(TASK STATEMENT) Set down exactly the first line of the entries and every line after it, through the line with "Lemma staircase_xor p".

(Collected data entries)

======

Lemma col_top_row_left_origin i c : irreducible_perm s ->
  col_top i c -> row_left i c -> is_origin (i, c).
Proof.
move=> irr top; rewrite /row_left (col_top_lr_max top).
case/andP: top => _ /forallP top /andP [_ /forallP low].
have [i_le_n c_le_n] := (ltnW (ltn_ord i), ltnW (ltn_ord c)).
have i_le_c : i <= c.
  apply: (inj_prefix_leq (@perm_inj _ s) i_le_n c_le_n) => k ki.
  exact: (implyP (top k) ki).
have c_le_i : c <= i.
  apply: (inj_prefix_leq (@perm_inj _ (s^-1)%g) c_le_n i_le_n) => k kc.
  rewrite ltnNge; apply: contraL kc => /(implyP (low _)).
  by rewrite permKV -leqNgt.
have ci : c = i :> nat by apply/eqP; rewrite eqn_leq c_le_i i_le_c.
rewrite /is_origin /= ci andbb; apply/negPn/negP; rewrite -lt0n => i_gt0.
apply: irr; exists i; split => //.
apply/eqP; rewrite eqEcard card_imset ?leqnn ?andbT; last exact: perm_inj.
apply/subsetP => x /imsetP [k]; rewrite !inE => ki ->.
by rewrite -ci (implyP (top k) ki).
Qed.

Lemma staircase_xor p : irreducible_perm s -> vertex staircase p -> ~~ is_origin p ->
  has_above staircase p (+) has_left staircase p.
Proof.
case: p => i c irr Mic not_origin; have [top | not_top] := boolP (col_top i c).
  have not_left : ~~ row_left i c.
    by apply: contra not_origin; apply: col_top_row_left_origin.
  by rewrite (negbTE (col_top_no_above top)) (not_row_left_has_left Mic not_left).
have left : row_left i c by move: Mic; rewrite /vertex staircaseE (negbTE not_top).
by rewrite (not_col_top_has_above Mic not_top) (negbTE (row_left_no_left left)).
Qed.

Lemma staircase00 (n_gt0 : 0 < n) : staircase (Ordinal n_gt0) (Ordinal n_gt0).
Proof. by rewrite staircaseE /col_top leq0n; apply/orP; left; apply/forallP. Qed.

End Staircase.

Theorem theorem3p1 (n : nat) (hn : (1 <= n)%N) (s : 'S_n) :
  (exists M : 'M[bool]_n, is_CNM M /\ leaf_matrix M = perm_bmx s)
  <-> irreducible_perm s.
Proof.
split=> [[M [cnmM leafM]] | irr]; first exact: CNM_perm_irreducible cnmM leafM.
exists (staircase s); apply: (dominated_CNM _ _ _ _ (staircase00 s hn)).
- by move=> p; apply: staircase_xor.
- exact: staircase_le_perm.
- exact: staircase_perm.
- exact: staircase_le_permV.
Qed.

======

(RESPONSE AREA)
Lemma col_top_row_left_origin i c : irreducible_perm s ->
  col_top i c -> row_left i c -> is_origin (i, c).
Proof.
move=> irr top; rewrite /row_left (col_top_lr_max top).
case/andP: top => _ /forallP top /andP [_ /forallP low].
have [i_le_n c_le_n] := (ltnW (ltn_ord i), ltnW (ltn_ord c)).
have i_le_c : i <= c.
  apply: (inj_prefix_leq (@perm_inj _ s) i_le_n c_le_n) => k ki.
  exact: (implyP (top k) ki).
have c_le_i : c <= i.
  apply: (inj_prefix_leq (@perm_inj _ (s^-1)%g) c_le_n i_le_n) => k kc.
  rewrite ltnNge; apply: contraL kc => /(implyP (low _)).
  by rewrite permKV -leqNgt.
have ci : c = i :> nat by apply/eqP; rewrite eqn_leq c_le_i i_le_c.
rewrite /is_origin /= ci andbb; apply/negPn/negP; rewrite -lt0n => i_gt0.
apply: irr; exists i; split => //.
apply/eqP; rewrite eqEcard card_imset ?leqnn ?andbT; last exact: perm_inj.
apply/subsetP => x /imsetP [k]; rewrite !inE => ki ->.
by rewrite -ci (implyP (top k) ki).
Qed.

Lemma staircase_xor p : irreducible_perm s -> vertex staircase p -> ~~ is_origin p ->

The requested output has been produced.